What you need to do:
Begin at the line containing "by rewrite !narrow_eqE" in the entries below and end at the line containing "Lemma extendable_of_order_ge m"; transcribe that range exactly and nothing outside it.

Stored records:
_ _ _ _ _ _ _

Hypotheses (rbM : layer_rainbow M) (rbN : layer_rainbow N) (g_inj : injective g).
Hypothesis N_corner_symbols : forall i j k s, N i j k = g s ->
  in_corner i j k || [&& m <= i, m <= j & m <= k].

Lemma extend_corner_rainbow : layer_rainbow extend_corner.
Proof.
have injM := (layer_rainbowP M).1 rbM; have injN := (layer_rainbowP N).1 rbN.
have mixed i j k i' j' k' : in_corner i j k -> ~~ in_corner i' j' k' ->
    extend_corner i j k = extend_corner i' j' k' -> ~~ [|| i == i', j == j' | k == k'].
  rewrite /extend_corner => cin cout; rewrite cin (negbTE cout) => /esym /N_corner_symbols.
  rewrite (negbTE cout) => /and3P[? ? ?]; case/and3P: cin => *.
  by apply/negP => /or3P[] /eqP eq_c; subst; lia.
apply/layer_rainbowP => i j k i' j' k'.
case cin: (in_corner i j k); case cin': (in_corner i' j' k') => eqL share.
- move: eqL; rewrite /extend_corner cin cin' => /g_inj /injM.
  case/and3P: cin => ? ? ?; case/and3P: cin' => ? ? ?.
  rewrite !narrow_eqE // => /(_ share)[] /eqP + /eqP + /eqP.
  by rewrite !narrow_eqE // => /eqP -> /eqP -> /eqP ->.
- by have := mixed _ _ _ _ _ _ cin (negbT cin') eqL; rewrite share.
- have := mixed _ _ _ _ _ _ cin' (negbT cin) (esym eqL).
  by rewrite (eq_sym i') (eq_sym j') (eq_sym k') share.
by move: eqL; rewrite /extend_corner cin cin' => /injN; apply.
Qed.

End CornerExtension.

Lemma extendable_of_order_ge m n (M : cube m) :
  0 < m -> 2 * m <= n -> layer_rainbow M -> extendable n M.
Proof.
move=> m_gt0 le_2m_n rbM; have le_mn : m <= n by lia.
have [G [latG G_sep]] := latin_square_subsquare m_gt0 le_2m_n.
exists (extend_corner m_gt0 (widen_symbol le_mn) M (pair_cube G)); split.
  apply: extend_corner_rainbow => //.
  - exact: pair_cube_rainbow.
  - exact: widen_symbol_inj.
  - exact: pair_cube_corner.
exists (widen_symbol le_mn); split; [exact: widen_symbol_inj | exact: extend_cornerE].
Qed.

Theorem theorem1 (m n : nat) : 0 < m -> m < n ->
  forall M : cube m, layer_rainbow M ->
    (extendable n M <-> 2 * m <= n).
Proof.
move=> m_gt0 lt_mn M rbM; split=> [[L [rbL extL]] | le_2m_n].
  exact: extension_order_ge rbM rbL extL.
exact: extendable_of_order_ge.
Qed.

_ _ _ _ _ _ _

Reply to the task:
  by rewrite !narrow_eqE // => /eqP -> /eqP -> /eqP ->.
- by have := mixed _ _ _ _ _ _ cin (negbT cin') eqL; rewrite share.
- have := mixed _ _ _ _ _ _ cin' (negbT cin) (esym eqL).
  by rewrite (eq_sym i') (eq_sym j') (eq_sym k') share.
by move: eqL; rewrite /extend_corner cin cin' => /injN; apply.
Qed.

End CornerExtension.

Lemma extendable_of_order_ge m n (M : cube m) :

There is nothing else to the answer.